The main features of Probing include:

  • Debugging Capabilities:
    • Observing the call stack, Python objects, Torch Tensors, and modules of the target process;
    • Supporting remote debugging through the DAP protocol using VSCode to debug the target process;
  • Performance Profiling:
    • Sampling the performance of C/C++ code and generating flame graphs;
    • Supporting Torch profiling to analyze model performance;
  • Remote Control:
    • Providing HTTP interfaces to retrieve data and control the execution of the target process;
    • Supporting remote injection of arbitrary Python code into the target process.

Compared to other debugging and diagnostic tools, probing is plug-and-play, allowing it to intrude into the target process at any time without interruption or restart, and without modifying the code.

Quick Start

Injecting the Probing

Use the following command to inject the probing:

probing <pid> inject [OPTIONS]

Options:

  • -P, --pprof: Enable profiling
  • -c, --crash: Enable crash handling
  • -b, --background: Enable background service
  • -a, --address <ADDRESS>: Specify the service listening address

Diagnosing Issues

After injecting the probing, you can use the commands provided by probing to diagnose issues:

  • dump: Print the current call stack to locate process blockages and deadlocks:
probing <pid> dump
  • pause: Pause the process and start a remote debugging service:
probing <pid> pause [ADDRESS] # ADDRESS is optional, default is a random port
nc 127.0.0.1 3344           # Use nc to connect to the debugging service
  • catch: Take over error handling and start a remote service upon error:
probing <pid> catch
  • listen: Start the background debugging service:
probing <pid> listen [ADDRESS] # ADDRESS is optional, default is a random port
nc 127.0.0.1 3344            # Use nc to connect to the debugging service
  • execute: Inject and execute code:
probing <pid> execute <SCRIPT>
# For example
probing <pid> execute script.py
probing <pid> execute "import traceback;traceback.print_stack()"
  • pprof: Start profiling:
probing <pid> pprof

# Wait for a while and then get the flame graph
sleep 10
curl http://127.0.0.1:3344/flamegraph > flamegraph.svg

Advanced Features

Probing also provides a series of Python analysis and diagnostic features for the development and debugging of large models:

  • Activity Analysis: Capture the current Python stack information of each thread;
  • Debugging: Start Python remote debugging to debug the target process in VSCode;
  • Profiling: Profile the execution of torch models;
  • Inspection: Inspect Python objects, torch Tensors, and torch Modules;

These features can be accessed through a web interface.
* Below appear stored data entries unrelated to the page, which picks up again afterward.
(* Forward phase with fuel; each iteration: Early Dropping, then add one. *)
Fixpoint forward (n : nat) (R S : {set V}) : {set V} :=
  match n with
  | 0 => S
  | n'.+1 =>
      let R' := [set X in R | ~~ indepT X S] in
      if R' == set0 then S
      else let x := fsel R' S in forward n' (R' :\ x) (x |: S)
  end.

Fixpoint backward (n : nat) (S : {set V}) : {set V} :=
  match n with
  | 0 => S
  | n'.+1 =>
      let C := [set X in S | indepT X (S :\ X)] in
      if C == set0 then S else backward n' (S :\ bsel C S)
  end.

(* One Run; the fuel #|V|.+1 is never exhausted (R resp. S shrinks). *)
Definition pfbp_run (S : {set V}) : {set V} :=
  backward #|V|.+1 (forward #|V|.+1 (features T :\: S) S).

Definition pfbp_after (k : nat) : {set V} := iter k pfbp_run set0.

End Defs.

(* By faithfulness, X _||_ T | S means that X is m-separated from T given S.
   Call S an m-blanket if it m-separates T from every other vertex outside S,
   and irredundant if every X in S is m-connected to T given S \ {X}.
   Every vertex of a collider path to T (all interior vertices colliders) lies
   in every m-blanket Z: by induction from T its interior lies in Z, and a
   collider path with interior in Z is m-connecting given Z.  In an irredundant
   m-blanket S, the path m-connecting X to T given S \ {X} is a collider path,
   since an interior non-collider would lie outside S and be m-connected to T
   given S by the rest of the path.  Hence an irredundant m-blanket is the
   least m-blanket, i.e. the Markov blanket; one exists by discarding redundant
   vertices from V \ {T}.
   A Run never loses a vertex of a collider path whose interior is already
   selected (it stays dependent on T given any larger selection, and so does
   each vertex of the path given the rest), so after |V| Runs the Markov
   blanket is selected.  From a selection containing it, the backward phase
   only removes vertices whose removal leaves an m-blanket and stops at an
   irredundant set, so the Run returns exactly the Markov blanket.  Conversely
   a selection left unchanged by a Run admits no forward addition and no
   backward removal, so it is an irredundant m-blanket. *)

From Stdlib Require Import Classical.
From mathcomp Require Import all_boot.
(* Let $q$ be an odd prime power, $n$ a positive integer with $n\mid(q-1)$, $\lambda\in\mathbb{F}_q^{*}$ with multiplicative order dividing $\frac{q-1}{n}$, and let $\alpha_1,\dots,\alpha_n\in\mathbb{F}_q^{*}$ be the (pairwise distinct) roots of $x^n-\lambda$, i.e. $x^n-\lambda=\prod_{i=1}^n(x-\alpha_i)$, in some fixed order. Let $\ell\ge0$, $\boldsymbol\eta=(\eta_0,\dots,\eta_\ell)\in\mathbb{F}_q^{\ell+1}\setminus\{\boldsymbol0\}$, let $r$ be an integer with $0\le r\le\ell$, and let $k=\frac{n-\ell-r}{2}$ be an integer with $k\ge2$. Let $\boldsymbol v=(v_1,\dots,v_n)$ with $v_i\in\{-1,1\}$ for $1\le i\le n-k+1$ and $v_i\in\mathbb{F}_q\setminus\{-1,0,1\}$ for $n-k+2\le i\le n$. Suppose $$1+\sum_{t=r}^{\ell}\eta_t\,\Phi_{\ell+1+r-t}\neq0,\qquad\text{where }\Phi_i=(-1)^{n-1}P\,\Omega_i\ (1\le i\le\ell+1).$$ Then the $( * )$-$(\mathcal{L},\mathcal{P})$-TGRS code $\mathcal{C}$ is an LCD code, i.e. $\mathcal{C}\cap\mathcal{C}^{\perp}=\{\boldsymbol0\}$.
   Context: $P=\prod_{i=1}^n\alpha_i$. For an integer $t$, $S_t(x_1,\dots,x_n)$ is the complete homogeneous symmetric polynomial of degree $t$ ($S_t=0$ for $t<0$, $S_0=1$, and $S_t=\sum_{t_1+\dots+t_n=t,\,t_i\ge0}x_1^{t_1}\cdots x_n^{t_n}$ for $t\ge0$), and $\Omega_i=\sum_{t=0}^{\ell}\eta_tS_{t+1-i}(\alpha_1,\dots,\alpha_n)$. The $( * )$-$(\mathcal{L},\mathcal{P})$-TGRS code is $\mathcal{C}=\{(v_1f(\alpha_1),\dots,v_nf(\alpha_n)) : f\in\mathcal{F}_{n,k,\boldsymbol\eta}\}$, where $\mathcal{F}_{n,k,\boldsymbol\eta}=\{\sum_{i=0}^{k-1}f_ix^i+f_0\sum_{j=0}^{\ell}\eta_jx^{k+j} : f_i\in\mathbb{F}_q\}$. $\mathcal{C}^{\perp}$ is the dual with respect to the standard inner product $\sum_i x_iy_i$. *)

From HB Require Import structures.
From mathcomp Require Import all_boot all_order all_algebra.
Set Implicit Arguments. Unset Strict Implicit. Unset Printing Implicit Defensive.
Import GRing.Theory.
Local Open Scope ring_scope.

(* Complete homogeneous symmetric polynomial of degree t, evaluated at
   a : 'I_n -> F :  sum over (t_1..t_n), t_i >= 0, sum t_i = t, of prod a_i^t_i.
   (Exponents t_i <= t are encoded in 'I_t.+1.) *)
Definition hcomplete (F : fieldType) (n t : nat) (a : 'I_n -> F) : F :=
  \sum_(m : {ffun 'I_n -> 'I_t.+1} | (\sum_i (m i : nat) == t)%N)
     \prod_i a i ^+ m i.

Definition Sym (F : fieldType) (n : nat) (a : 'I_n -> F) (t : int) : F :=
  match t with
  | Posz m => hcomplete m a
  | Negz _ => 0
  end.

Definition Pprod (F : fieldType) (n : nat) (a : 'I_n -> F) : F := \prod_i a i.

Definition Omega (F : fieldType) (n l : nat) (a : 'I_n -> F)
  (eta : 'I_l.+1 -> F) (i : nat) : F :=
  \sum_(t < l.+1) eta t * Sym a ((t.+1)%:Z - i%:Z).

Definition Phi (F : fieldType) (n l : nat) (a : 'I_n -> F)
  (eta : 'I_l.+1 -> F) (i : nat) : F :=
  (-1) ^+ n.-1 * Pprod a * Omega a eta i.

Definition etapoly (F : fieldType) (k l : nat) (eta : 'I_l.+1 -> F) : {poly F} :=
  \sum_(j < l.+1) eta j *: 'X^(k + j).

Definition in_TGRS_polys (F : fieldType) (k l : nat) (eta : 'I_l.+1 -> F)
  (g : {poly F}) : Prop :=
  exists p : {poly F}, (size p <= k)%N /\ g = p + p`_0 *: etapoly k eta.

Definition in_TGRS_code (F : fieldType) (n k l : nat) (a v : 'I_n -> F)
  (eta : 'I_l.+1 -> F) (c : 'rV[F]_n) : Prop :=
  exists g : {poly F}, in_TGRS_polys k eta g /\ c = \row_i (v i * g.[a i]).

Definition dotp (F : fieldType) (n : nat) (x y : 'rV[F]_n) : F :=
  \sum_i x ord0 i * y ord0 i.

Definition in_dual (F : fieldType) (n : nat) (C : 'rV[F]_n -> Prop)
  (x : 'rV[F]_n) : Prop :=
  forall y, C y -> dotp x y = 0.

Definition is_LCD (F : fieldType) (n : nat) (C : 'rV[F]_n -> Prop) : Prop :=
  forall x, C x -> in_dual C x -> x = 0.

From HB Require Import structures.
From mathcomp Require Import all_boot all_order all_algebra.
From mathcomp Require Import fingroup cyclic.
From mathcomp Require Import zify ring.
Import GRing.Theory.
Local Open Scope ring_scope.
Set Implicit Arguments. Unset Strict Implicit. Unset Printing Implicit Defensive.

(* The roots a_i of x^n - lam behave like a coset of the n-th roots of unity:
   for 0 < s < n both the power sums and the complete homogeneous sums S_s(a)
   vanish.  Hence Omega_i = eta_(i-1), Phi_i = lam eta_(i-1), and
   sum_i h(a_i) = n (h_0 + lam h_n) whenever deg h < 2n.
   If c = (v_i f(a_i)) lies in C and in its dual, then
   sum_i v_i^2 (f g)(a_i) = 0 for every g of the code, and v_i^2 = 1 off the
   last k - 1 positions J.  Testing against g = x prod_(i in J, i <> j) (x - a_i)
   forces f(a_j) = 0 for j in J; testing against g = 1 + sum_j eta_j x^(k+j) then
   gives n f_0 (1 + lam sum_(t >= r) eta_t eta_(l+r-t)) = 0, so f_0 = 0; finally
   f has degree < k and the k distinct roots 0 and a_j (j in J), so f = 0. *)

(* Lagrange's theorem in the additive group of F. *)
Lemma natr_card (F : finFieldType) : #|F|%:R = 0 :> F.
Proof. by have := @expg_cardG F [set: F]%G 1%R (in_setT _); rewrite cardsT. Qed.

Lemma natr_dvdn_card_pred_neq0 (F : finFieldType) n :
  (n %| #|F|.-1)%N -> n%:R != 0 :> F.
Proof.
move=> /dvdnP[m qE]; apply/eqP => n0; have := natr_card F.
have q_gt0 : (0 < #|F|)%N by apply/card_gt0P; exists 0.
rewrite -(prednK q_gt0) qE -addn1 natrD natrM n0 mulr0 add0r => /eqP.
by rewrite oner_eq0.
Qed.

Lemma card_ord_geq n m : #|[set i : 'I_n | (m <= i)%N]| = (n - m)%N.
Proof.
rewrite -sum1_card (eq_bigl (fun i : 'I_n => xpredT i && (m <= i)%N)) => [|i].
  by rewrite -(@big_geq_mkord _ _ _ m n xpredT (fun _ => 1%N)) sum_nat_const_nat muln1.
by rewrite inE.
Qed.

Lemma sum_delta_nat (R : nzSemiRingType) N c (G : nat -> R) :
  (c < N)%N -> \sum_(m < N) G m * (m == c :> nat)%:R = G c.
Proof.
move=> c_lt_N; rewrite (bigD1 (Ordinal c_lt_N)) //= eqxx mulr1 big1 ?addr0 // => m.
by rewrite -val_eqE /= => /negbTE->; rewrite mulr0.
Qed.

Lemma deriv_prod (R : comNzRingType) (I : eqType) (s : seq I) (G : I -> {poly R}) :
  uniq s ->
  (\prod_(i <- s) G i)^`() = \sum_(i <- s) (G i)^`() * \prod_(j <- s | j != i) G j.
Proof.
elim: s => [|x s IH] /=; first by rewrite !big_nil derivC.
case/andP=> x_notin_s uniq_s; rewrite !big_cons derivM IH // eqxx /=.
congr (_ * _ + _).
  rewrite big_seq_cond [RHS]big_seq_cond; apply: eq_bigl => j.
  case: (boolP (j \in s)) => //= j_in_s; apply/esym/negP => /eqP jx.
  by rewrite -jx j_in_s in x_notin_s.
rewrite mulr_sumr; apply: eq_big_seq => i i_in_s.
rewrite big_cons (_ : x != i); last by apply: contraNneq x_notin_s => ->.
by rewrite mulrCA.
Qed.
Lemma stable_peel M : is_stable G M -> is_stable peel (M :\ [set a; v]).
Proof.
move=> stM; have avM := stable_min_pair stM.
case/andP: stM => /andP[sMG mM] /forallP nonblocking.
have matM : is_matching G M by rewrite /is_matching sMG mM.
apply/andP; split; first (apply/andP; split).
- apply/subsetP => e; rewrite !inE => /andP[eav eM].
  rewrite (subsetP sMG e eM) /=; apply/andP; split; apply: contra eav => ue;
    by rewrite (matching_mem_uniq matM eM avM ue) ?eqxx ?set21 ?set22.
- apply/forallP => u; apply: leq_trans (forallP mM u).
  by apply: subset_leq_card; apply/subsetP => e; rewrite !inE => /andP[/andP[_ ->] ->].
apply/forallP => e; apply/implyP; rewrite !inE negb_and negbK.
case/andP => eM' /andP[eG /andP[ae ve]].
have eM : e \notin M.
  by apply: contra ae => eM; move: eM'; rewrite eM orbF => /eqP->; rewrite set21.
have /implyP := nonblocking e; rewrite !inE eM eG => /(_ isT); apply: contra.
apply: blockingW => u f ue fM uf; rewrite !inE fM andbT.
apply: contraNneq ae => fav; move: uf; rewrite fav !inE => /orP[]/eqP uav.
  by rewrite -uav.
by move: ve; rewrite -uav ue.
Qed.

Lemma stable_unpeel M : is_stable peel M -> is_stable G ([set a; v] |: M).
Proof.
case/andP=> /andP[sMG mM] /forallP nonblocking.
have peelM e : e \in M -> [&& e \in G, a \notin e & v \notin e].
  by move/(subsetP sMG); rewrite inE.
apply/andP; split; first (apply/andP; split).
- by apply/subsetP => e; rewrite !inE => /orP[/eqP->//|/peelM/andP[]].
- apply/forallP => u; case uav: (u \in [set a; v]).
    rewrite -(cards1 [set a; v]); apply: subset_leq_card; apply/subsetP => e; rewrite !inE.
    case/andP => /orP[->//|/peelM /and3P[_ ae ve]] ue.
    by move: uav; rewrite !inE => /orP[]/eqP uv; [move: ae|move: ve]; rewrite -uv ue.
  apply: leq_trans (forallP mM u); apply: subset_leq_card; apply/subsetP => e.
  rewrite !inE => /andP[/orP[/eqP eav|->] ue] //.
  by move: uav; rewrite -eav ue.
have avM : [set a; v] \in [set a; v] |: M by rewrite setU11.
apply/forallP => e; apply/implyP; rewrite !inE negb_or => /andP[/andP[eav eM] eG].
case ae: (a \in e).
  have [x xa ex] := card2_mem (card_edge eG) ae.
  apply/negP => /blockingP /(_ a x ae); rewrite ex set22 eq_sym xa => /(_ isT isT).
  move=> /prefersP /(_ _ v avM (set21 _ _) (set22 _ _)); rewrite eq_sym min_pair_neq.
  by have := @v_min x; rewrite -ex => /(_ eG); lia.
case ve: (v \in e).
  have [x xv ex] := card2_mem (card_edge eG) ve.
  apply/negP => /blockingP /(_ v x ve); rewrite ex set22 eq_sym xv => /(_ isT isT).
  move=> /prefersP /(_ _ a avM (set22 _ _) (set21 _ _)); rewrite min_pair_neq.
  by have := a_min eG (_ : x \in e); rewrite ex set22 => /(_ isT); lia.
have /implyP := nonblocking e; rewrite !inE eM eG ae ve => /(_ isT); apply: contra.
by apply: blockingW => u f ue fM uf; rewrite inE fM orbT.
Qed.

Lemma matched_peel x y : x \notin [set a; v] -> y \notin [set a; v] ->
  matched G x y = matched peel x y.
Proof.
move=> xav yav; apply/existsP/existsP => -[M /andP[stM xyM]].
  exists (M :\ [set a; v]); rewrite stable_peel //= !inE xyM andbT.
  by apply: contraNneq xav => <-; rewrite set21.
by exists ([set a; v] |: M); rewrite stable_unpeel //= setU1r.
Qed.

Lemma matched_partner y : y != a -> matched G v y = false.
Proof.
move=> ya; apply/negbTE/existsP => -[M /andP[stM vyM]].
have avM := stable_min_pair stM; have /andP[matM _] := stM.
have := matching_mem_uniq matM vyM avM (set21 _ _) (set22 _ _).
move=> /setP/(_ y); rewrite set22 !inE (negbTE ya) /= => /esym/eqP yv.
by have := card_edge (subsetP (proj1 (andP matM)) _ vyM); rewrite yv setUid cards1.
Qed.

Lemma matched_min y : (exists M, is_stable peel M) -> matched G a y = (y == v).
Proof.
move=> [M' stM']; apply/existsP/eqP => [[M /andP[stM ayM]]|->]; last first.
  by exists ([set a; v] |: M'); rewrite stable_unpeel // setU11.
have avM := stable_min_pair stM; have /andP[matM _] := stM.
have /setP/(_ y) := matching_mem_uniq matM ayM avM (set21 _ _) (set21 _ _).
rewrite set22 !inE => /esym/orP[/eqP ya|/eqP//].
by have := card_edge (subsetP (proj1 (andP matM)) _ ayM); rewrite ya setUid cards1.
Qed.

End Peel.

Lemma stable_set0 : is_stable (set0 : {set {set 'I_N}}) set0.
Proof.
rewrite /is_stable /is_matching sub0set; apply/andP; split.
  apply/forallP => u; rewrite (@leq_trans 0) // leqn0 cards_eq0.
  by apply/eqP/setP => e; rewrite !inE.
by apply/forallP => e; rewrite !inE.
Qed.

(* Match the lowest non-isolated node to its lowest neighbour and recurse on [peel]. *)
Lemma stable_exists G : G \subset pairs N -> exists M, is_stable G M.
Proof.
elim: {G}#|G| {-2}G (leqnn #|G|) => [|n IH] G cardG sGP.
  by move: cardG; rewrite leqn0 cards_eq0 => /eqP->; exists set0; apply: stable_set0.
have [->|[e0 e0G]] := set_0Vmem G; first by exists set0; apply: stable_set0.
have [z0 z0e] : exists z0, z0 \in e0.
  by apply/set0Pn; rewrite -card_gt0 (card_pairs (subsetP sGP _ e0G)).
pose used z := [exists e in G, z \in e].
have used_z0 : used z0 by apply/existsP; exists e0; rewrite e0G.
have [a /existsP[e1 /andP[e1G ae1]] a_min] := arg_minnP val used_z0.
have [x0 _ ex0] := card2_mem (card_pairs (subsetP sGP _ e1G)) ae1.
have ax0G : [set a; x0] \in G by rewrite -ex0.
have [v avG v_min] := @arg_minnP _ x0 (fun z => [set a; z] \in G) val ax0G.
have min_a e z : e \in G -> z \in e -> a <= z.
  by move=> eG ze; apply: a_min; apply/existsP; exists e; rewrite eG.
have [M stM] : exists M, is_stable (peel G a v) M.
  apply: IH (subset_trans (peel_sub G a v) sGP); rewrite -ltnS; apply: leq_trans cardG.
  apply: proper_card; rewrite properE peel_sub; apply/subsetPn.
  by exists [set a; v]; rewrite // inE set21 andbF.
by exists ([set a; v] |: M); apply: stable_unpeel.
Qed.

End StableMatching.

Local Open Scope ring_scope.

Section Recursion.
Variables (R : comPzRingType) (p : R).

Fixpoint Dtri (i j : nat) : R :=
  match i with
  | 0 => 0
  | 1 => if (1 < j)%N then p * (1 - p) ^+ (j - 2) else 0
  | (k.+1 as i1).+1 =>
      if (i1.+1 < j)%N then
        (1 - (1 - p) ^+ k) * Dtri k (j - 2)
        + ((1 - p) ^+ i1 - (1 - p) ^+ (j - 2)) * Dtri i1 (j - 2)
        + (1 - p) ^+ (j - 1) * Dtri i1 (j - 1)
      else 0
  end.

Definition Dsym i j := if (i < j)%N then Dtri i j else Dtri j i.

Lemma Dtri_ge i j : (j <= i)%N -> Dtri i j = 0.
Proof. by case: i => [|[|k]] //= ji; rewrite ltnNge ji. Qed.

Lemma DtriSS k j : Dtri k.+2 j =
  if (k.+2 < j)%N then
        (1 - (1 - p) ^+ k) * Dtri k (j - 2)
        + ((1 - p) ^+ k.+1 - (1 - p) ^+ (j - 2)) * Dtri k.+1 (j - 2)
        + (1 - p) ^+ (j - 1) * Dtri k.+1 (j - 1)
  else 0.
Proof. by []. Qed.

Lemma Dsym_le i j : (i <= j)%N -> Dsym i j = Dtri i j.
Proof. by rewrite /Dsym leq_eqVlt => /orP[/eqP->|->]; rewrite ?ltnn. Qed.

Lemma DsymC i j : Dsym i j = Dsym j i.
Proof. by rewrite /Dsym; case: ltngtP => // ->. Qed.

Lemma Dsym_diag i : Dsym i i = 0.
Proof. by rewrite Dsym_le ?Dtri_ge. Qed.

(* The value of the recursion once the lowest node is matched to v: v and the
   lowest node are removed, so ranks above v drop by one more. *)
Lemma Dsym_partner (i j x y v : nat) : (1 < i < j)%N -> (x < y)%N ->
  ((v != x) && (v != y))%:R * Dsym (i - 1 - (v <= x)) (j - 1 - (v <= y)) =
  Dtri (i - 2) (j - 2) * (1 - (x <= v)%:R)
  + Dtri (i - 1) (j - 2) * ((x < v)%:R - (y <= v)%:R)
  + Dtri (i - 1) (j - 1) * (y < v)%:R.
Proof.
move=> /andP[i1 ij] xy; case: (ltngtP v x) => [vx|xv|vx].
- have vy := ltn_trans vx xy.
  rewrite (ltn_eqF vy) (ltnW vy) (ltn_geF vy) (leq_gtF (ltnW vy)).
  by rewrite Dsym_le /= -?subnDA; [ring | lia].
- case: (ltngtP v y) => [vy|yv|vy].
  + by rewrite Dsym_le /= ?subn0 -?subnDA; [ring | lia].
  + by rewrite Dsym_le /= ?subn0; [ring | lia].
  + by rewrite /=; ring.
by subst v; rewrite (ltn_eqF xy) (ltn_geF xy) (leq_gtF (ltnW xy)) /=; ring.
Qed.

Lemma Dsym_1 k : (2 <= k)%N -> Dsym 1 k = p * (1 - p) ^+ (k - 2).
Proof. by move=> k2; rewrite Dsym_le ?(ltnW k2) //= k2. Qed.

Lemma Dsym_rec i j : (2 <= i)%N -> (i < j)%N ->
  Dsym i j =
    (if i == 2%N then 0 else (1 - (1 - p) ^+ (i - 2)) * Dsym (i - 2) (j - 2))
    + ((1 - p) ^+ (i - 1) - (1 - p) ^+ (j - 2)) * Dsym (i - 1) (j - 2)
    + (1 - p) ^+ (j - 1) * Dsym (i - 1) (j - 1).
Proof.
case: i => [|[|k]] // _ ij; rewrite Dsym_le ?(ltnW ij) // DtriSS ij !subSS !subn0.
rewrite [Dsym k _]Dsym_le ?[Dsym k.+1 (j - 2)]Dsym_le ?[Dsym k.+1 _]Dsym_le; try lia.
by case: k ij => [|k] ij; rewrite ?mulr0.
Qed.
End Recursion.

Section Ranks.
Variable N : nat.
Implicit Types (V : {set 'I_N}) (s t w : 'I_N).

Definition pairs_in V := [set e in pairs N | e \subset V].

Definition rank V t := #|[set z in V | (z <= t)%N]|.

Lemma pairs_in_sub V : pairs_in V \subset pairs N.
Proof. by apply/subsetP => e; rewrite inE => /andP[]. Qed.

Lemma pairs_in_setD1 V w :
  pairs_in V = [set e in pairs_in V | w \in e] :|: pairs_in (V :\ w).
Proof.
apply/setP => e; rewrite !inE; case we: (w \in e); rewrite ?andbT ?andbF /=.
  apply/esym/orb_idr => /andP[-> /subsetP sEV].
  by apply/subsetP => z /sEV; rewrite inE => /andP[].
case: (#|e| == 2) => //=; apply/idP/idP => /subsetP sEV; apply/subsetP => z ze.
  by rewrite !inE sEV // andbT; apply: contraFneq we => <-.
by have := sEV z ze; rewrite inE => /andP[].
Qed.

Lemma pairs_in_setD1_disjoint V w :
  [disjoint [set e in pairs_in V | w \in e] & pairs_in (V :\ w)].
Proof.
rewrite -setI_eq0; apply/eqP/setP => e; rewrite !inE.
apply/negP => /andP[/andP[_ we] /andP[_ /subsetP /(_ w we)]].
by rewrite !inE eqxx.
Qed.

Lemma notin_pairs_in_setD1 V w (A : {set {set 'I_N}}) e :
  A \subset pairs_in (V :\ w) -> e \in A -> w \notin e.
Proof.
move=> sA /(subsetP sA); rewrite inE => /andP[_ /subsetP sEV].
by apply/negP => /sEV; rewrite !inE eqxx.
Qed.

Lemma pairs_in_setT : pairs_in [set: 'I_N] = pairs N.
Proof. by apply/setP => e; rewrite !inE subsetT andbT. Qed.

Lemma rank_setD1 V w t : w \in V -> rank (V :\ w) t = (rank V t - (w <= t))%N.
Proof.
move=> wV; rewrite /rank (cardsD1 w [set z in V | (z <= t)%N]) !inE wV /=.
have -> : [set z in V :\ w | (z <= t)%N] = [set z in V | (z <= t)%N] :\ w.
  by apply/setP => z; rewrite !inE andbA.
by rewrite addKn.
Qed.
Lemma rebar_exchange (n : nat) (theta : nat -> R) (Tj T T' : nat -> bool) (j i i' : nat) :
  (j < n)%nat -> (i < n)%nat -> (i' < n)%nat -> i <> j -> i' <> j -> theta i <= theta i' ->
  (forall k, (k < n)%nat -> Tj k = Nat.eqb k j) ->
  (forall k, (k < n)%nat -> T k = (Nat.eqb k j || Nat.eqb k i)%bool) ->
  (forall k, (k < n)%nat -> T' k = (Nat.eqb k j || Nat.eqb k i')%bool) ->
  rebar n theta Tj <= rebar n theta T -> rebar n theta T <= rebar n theta T'.
Proof.
  intros Hj Hi Hi' Hij Hi'j Hth HTj HT HT' Hsingle_le.
  destruct (single_equilibrium n theta Tj j Hj HTj) as [HqA [HeqA Rj]].
  destruct (pair_equilibrium n theta T j i Hj Hi ltac:(lia) HT) as [Hq [Heq RT]].
  destruct (pair_equilibrium n theta T' j i' Hj Hi' ltac:(lia) HT') as [Hq' [Heq' RT']].
  rewrite Rj, RT in Hsingle_le. rewrite RT, RT'.
  apply exchange_stronger_competitor with (qA := qbar0 n theta Tj); try easy.
  - apply exp_pos.
  - apply exp_pos.
  - destruct (Req_dec (theta i) (theta i')) as [->|Hne]; [lra|].
    left. apply exp_increasing. lra.
Qed.

Theorem theorem8 (n : nat) (theta : nat -> R)
  (hn : (2 <= n)%nat)
  (hmono : forall i j : nat, (i <= j)%nat -> (j < n)%nat -> theta j <= theta i)
  (hnn : forall i : nat, (i < n)%nat -> 0 <= theta i) :
  (exists S : nat -> bool, maximizes_rebar n theta S /\ card_in n S = 2%nat) ->
  maximizes_rebar n theta top2.
Proof.
  intros [S [[_ HSmax] Hcard]].
  destruct (card_in_2 n S Hcard) as [i [j [Hij [Hj HS]]]].
  assert (Hsingle : forall m, (m < n)%nat -> nonempty_in n (fun k => Nat.eqb k m))
    by (intros m Hm; exists m; now rewrite Nat.eqb_refl).
  set (T1 := fun k => (Nat.eqb k j || Nat.eqb k 0)%bool).
  assert (Hstep1 : rebar n theta S <= rebar n theta T1).
  { apply (rebar_exchange n theta (fun k => Nat.eqb k j) S T1 j i 0);
      try easy; try lia.
    - apply hmono; lia.
    - intros k Hk. rewrite HS by easy. apply Bool.orb_comm.
    - apply HSmax, Hsingle, Hj. }
  assert (Hstep2 : rebar n theta T1 <= rebar n theta top2).
  { apply (rebar_exchange n theta (fun k => Nat.eqb k 0) T1 top2 0 j 1);
      try easy; try lia.
    - apply hmono; lia.
    - intros k Hk. apply Bool.orb_comm.
    - intros k Hk. destruct k as [|[|k]]; reflexivity.
    - pose proof (HSmax _ (Hsingle 0%nat ltac:(lia))). lra. }
  split.
  - exists 0%nat. split; [lia|easy].
  - intros T HT. pose proof (HSmax T HT). lra.
Qed.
For example, specify the service address when injecting the probing:

probing <pid> inject -b -a 127.0.0.1:1234

Then, you can access the above features by opening http://127.0.0.1:1234 in a browser.

##Installing Probing

Binary Installation

probing does not require special installation. Simply download the release file, extract it, and execute. Users can optionally add probing to the $PATH environment variable.

Building from Source

probing relies on the trunk tool for building. Install it using the following command, or skip this step if it is already installed:

cargo install trunk

Once the build environment is ready, you can complete the build using the build.sh script:

sh build.sh

Development Mode

To facilitate development, probing packages Python scripts and the web app into libprobing.so. Repacking every time code is modified can significantly reduce efficiency, so manual building is recommended:

# Continuously build the web app
cd app
trunk watch --filehash false -d dist/

# Build probing and libprobing
cargo b -p cli
cargo b

In debug mode, probing will automatically load the web app from the dist directory and Python scripts from src, eliminating the need for repacking.

Project details


Download files

Download the file for your platform. If you're not sure which to choose, learn more about installing packages.

Source Distributions

No source distribution files available for this release.See tutorial on generating distribution archives.

Built Distribution

probing-0.1.0-cp37-abi3-manylinux_2_17_x86_64.manylinux2014_x86_64.whl (3.4 MB view hashes)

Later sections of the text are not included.